EXERCISE AIM ▸ Each entry must be printed again without a single change.

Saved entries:

Lemma cos_sin_onto {R : realType} (r s : R) :
  r ^+ 2 + s ^+ 2 = 1 -> exists phi, cos phi = r /\ sin phi = s.
Proof.
move=> rs1.
have r_itv : -1 <= r <= 1 by apply/andP; split; nra.
have sin_acos_r : sin (acos r) = `|s|.
  by rewrite sin_acos // -rs1 addrAC subrr add0r sqrtr_sqr.
exists (if 0 <= s then acos r else - acos r).
case: ifPn => s0; rewrite ?cosN ?sinN acosK ?inE // sin_acos_r.
  by rewrite ger0_norm.
by rewrite ltr0_norm ?opprK // ltNge.
Qed.

Lemma polar_of_unit_orth {R : realType} (a b : R[i]) :
  a != 0 -> b != 0 -> sqmod a + sqmod b = 1 -> dotc a b = 0 ->
  exists (c : R[i]) (phi : R), sqmod c = 1 /\ cos phi != 0 /\ sin phi != 0 /\
    a = c * (cos phi)%:C /\ b = c * ('i * (sin phi)%:C).
Proof.
rewrite -!sqmod_gt0; case: a b => a1 a2 [b1 b2] a_pos b_pos ab1 ab0.
move: a_pos b_pos ab1 ab0; rewrite /sqmod /dotc /=.
set va := a1 ^+ 2 + a2 ^+ 2; set vb := b1 ^+ 2 + b2 ^+ 2 => a_pos b_pos ab1 ab0.
set cross := a1 * b2 - a2 * b1.
set r := Num.sqrt va; set s := cross / r.
have r_pos : 0 < r by rewrite sqrtr_gt0.
have r_neq0 : r != 0 by rewrite gt_eqF.
have r2 : r ^+ 2 = va by rewrite sqr_sqrtr // ltW.
have lagrange : cross ^+ 2 + (a1 * b1 + a2 * b2) ^+ 2 = va * vb.
  by rewrite /cross /va /vb; ring.
have cross2 : cross ^+ 2 = va * vb by rewrite -lagrange ab0 expr0n /= addr0.
have s2 : s ^+ 2 = vb by rewrite expr_div_n cross2 r2 mulrC mulKf // gt_eqF.
have [phi [cos_phi sin_phi]] : exists phi, cos phi = r /\ sin phi = s.
  by apply: cos_sin_onto; rewrite r2 s2.
(* orthogonality to a makes b a real multiple of 'i * a *)
have eb1 : b1 * va = - a2 * cross.
  by rewrite -[LHS]subr0 -(mulr0 a1) -ab0 /va /cross; ring.
have eb2 : b2 * va = a1 * cross.
  by rewrite -[LHS]subr0 -(mulr0 a2) -ab0 /va /cross; ring.
have va_neq0 : va != 0 by rewrite gt_eqF.
exists ((a1 / r) +i* (a2 / r)), phi; rewrite cos_phi sin_phi.
split; [|split; [|split; [|split]]] => //.
- by rewrite /sqmod /= !expr_div_n -mulrDl r2 divff.
- by rewrite -sqrf_eq0 s2 gt_eqF.
- by apply/eqP; rewrite eq_complex /= !mulr0 subr0 add0r !divfK ?eqxx.
apply/eqP; rewrite eq_complex /=; apply/andP; split; apply/eqP.
  by rewrite -[b1](mulfK va_neq0) eb1 -r2 /s; field.
by rewrite -[b2](mulfK va_neq0) eb2 -r2 /s; field.
Qed.

Lemma unit_orth_polarP {R : realType} (a b : R[i]) :
  [/\ a != 0, b != 0, sqmod a + sqmod b = 1 & dotc a b = 0] <->
  exists (c : R[i]) (phi : R), sqmod c = 1 /\ cos phi != 0 /\ sin phi != 0 /\
    a = c * (cos phi)%:C /\ b = c * ('i * (sin phi)%:C).
Proof.
split=> [[a0 b0 ab1 ab0] | [c [phi [c1 [cos0 [sin0 [-> ->]]]]]]].
  exact: polar_of_unit_orth.
have sqmod_i : sqmod ('i : R[i]) = 1 by rewrite /sqmod /= expr0n expr1n add0r.
have sqmod_real (r : R) : sqmod r%:C = r ^+ 2 by rewrite /sqmod /= expr0n addr0.
rewrite -!sqmod_eq0 !sqmodM c1 sqmod_i !sqmod_real !mul1r !sqrf_eq0 cos0 sin0.
split=> //; last by case: c {c1} => c1 c2; rewrite /dotc /=; ring.
exact: cos2Dsin2.
Qed.

Section EsumFacts.
Context {R : realType} {T : choiceType}.
Implicit Types (F H : T -> \bar R) (p : T -> T).

Lemma esum_bij F {e : T -> T} : bijective e ->
  \esum_(k in [set: T]) F k = \esum_(k in [set: T]) F (e k).
Proof. by move=> bij_e; apply: reindex_esum; rewrite setTT_bijective. Qed.

Lemma adde_self_inj (u v : \bar R) :
  (0 <= u)%E -> (0 <= v)%E -> (u + u = v + v)%E -> u = v.
Proof. by case: u v => [r| |] [s| |] //= r0 s0 [] e; congr (_%:E); lra. Qed.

ANSWER TO THIS PROBLEM ▸
Lemma cos_sin_onto {R : realType} (r s : R) :
  r ^+ 2 + s ^+ 2 = 1 -> exists phi, cos phi = r /\ sin phi = s.
Proof.
move=> rs1.
have r_itv : -1 <= r <= 1 by apply/andP; split; nra.
have sin_acos_r : sin (acos r) = `|s|.
  by rewrite sin_acos // -rs1 addrAC subrr add0r sqrtr_sqr.
exists (if 0 <= s then acos r else - acos r).
case: ifPn => s0; rewrite ?cosN ?sinN acosK ?inE // sin_acos_r.
  by rewrite ger0_norm.
by rewrite ltr0_norm ?opprK // ltNge.
Qed.

Lemma polar_of_unit_orth {R : realType} (a b : R[i]) :
  a != 0 -> b != 0 -> sqmod a + sqmod b = 1 -> dotc a b = 0 ->
  exists (c : R[i]) (phi : R), sqmod c = 1 /\ cos phi != 0 /\ sin phi != 0 /\
    a = c * (cos phi)%:C /\ b = c * ('i * (sin phi)%:C).
Proof.
rewrite -!sqmod_gt0; case: a b => a1 a2 [b1 b2] a_pos b_pos ab1 ab0.
move: a_pos b_pos ab1 ab0; rewrite /sqmod /dotc /=.
set va := a1 ^+ 2 + a2 ^+ 2; set vb := b1 ^+ 2 + b2 ^+ 2 => a_pos b_pos ab1 ab0.
set cross := a1 * b2 - a2 * b1.
set r := Num.sqrt va; set s := cross / r.
have r_pos : 0 < r by rewrite sqrtr_gt0.
have r_neq0 : r != 0 by rewrite gt_eqF.
have r2 : r ^+ 2 = va by rewrite sqr_sqrtr // ltW.
have lagrange : cross ^+ 2 + (a1 * b1 + a2 * b2) ^+ 2 = va * vb.
  by rewrite /cross /va /vb; ring.
have cross2 : cross ^+ 2 = va * vb by rewrite -lagrange ab0 expr0n /= addr0.
have s2 : s ^+ 2 = vb by rewrite expr_div_n cross2 r2 mulrC mulKf // gt_eqF.
have [phi [cos_phi sin_phi]] : exists phi, cos phi = r /\ sin phi = s.
  by apply: cos_sin_onto; rewrite r2 s2.
(* orthogonality to a makes b a real multiple of 'i * a *)
have eb1 : b1 * va = - a2 * cross.
  by rewrite -[LHS]subr0 -(mulr0 a1) -ab0 /va /cross; ring.
have eb2 : b2 * va = a1 * cross.
  by rewrite -[LHS]subr0 -(mulr0 a2) -ab0 /va /cross; ring.
have va_neq0 : va != 0 by rewrite gt_eqF.
exists ((a1 / r) +i* (a2 / r)), phi; rewrite cos_phi sin_phi.
split; [|split; [|split; [|split]]] => //.
- by rewrite /sqmod /= !expr_div_n -mulrDl r2 divff.
- by rewrite -sqrf_eq0 s2 gt_eqF.
- by apply/eqP; rewrite eq_complex /= !mulr0 subr0 add0r !divfK ?eqxx.
apply/eqP; rewrite eq_complex /=; apply/andP; split; apply/eqP.
  by rewrite -[b1](mulfK va_neq0) eb1 -r2 /s; field.
by rewrite -[b2](mulfK va_neq0) eb2 -r2 /s; field.
Qed.

Lemma unit_orth_polarP {R : realType} (a b : R[i]) :
  [/\ a != 0, b != 0, sqmod a + sqmod b = 1 & dotc a b = 0] <->
  exists (c : R[i]) (phi : R), sqmod c = 1 /\ cos phi != 0 /\ sin phi != 0 /\
    a = c * (cos phi)%:C /\ b = c * ('i * (sin phi)%:C).
Proof.
split=> [[a0 b0 ab1 ab0] | [c [phi [c1 [cos0 [sin0 [-> ->]]]]]]].
  exact: polar_of_unit_orth.
have sqmod_i : sqmod ('i : R[i]) = 1 by rewrite /sqmod /= expr0n expr1n add0r.
have sqmod_real (r : R) : sqmod r%:C = r ^+ 2 by rewrite /sqmod /= expr0n addr0.
rewrite -!sqmod_eq0 !sqmodM c1 sqmod_i !sqmod_real !mul1r !sqrf_eq0 cos0 sin0.
split=> //; last by case: c {c1} => c1 c2; rewrite /dotc /=; ring.
exact: cos2Dsin2.
Qed.

Section EsumFacts.
Context {R : realType} {T : choiceType}.
Implicit Types (F H : T -> \bar R) (p : T -> T).

Lemma esum_bij F {e : T -> T} : bijective e ->
  \esum_(k in [set: T]) F k = \esum_(k in [set: T]) F (e k).
Proof. by move=> bij_e; apply: reindex_esum; rewrite setTT_bijective. Qed.

Lemma adde_self_inj (u v : \bar R) :
  (0 <= u)%E -> (0 <= v)%E -> (u + u = v + v)%E -> u = v.
Proof. by case: u v => [r| |] [s| |] //= r0 s0 [] e; congr (_%:E); lra. Qed.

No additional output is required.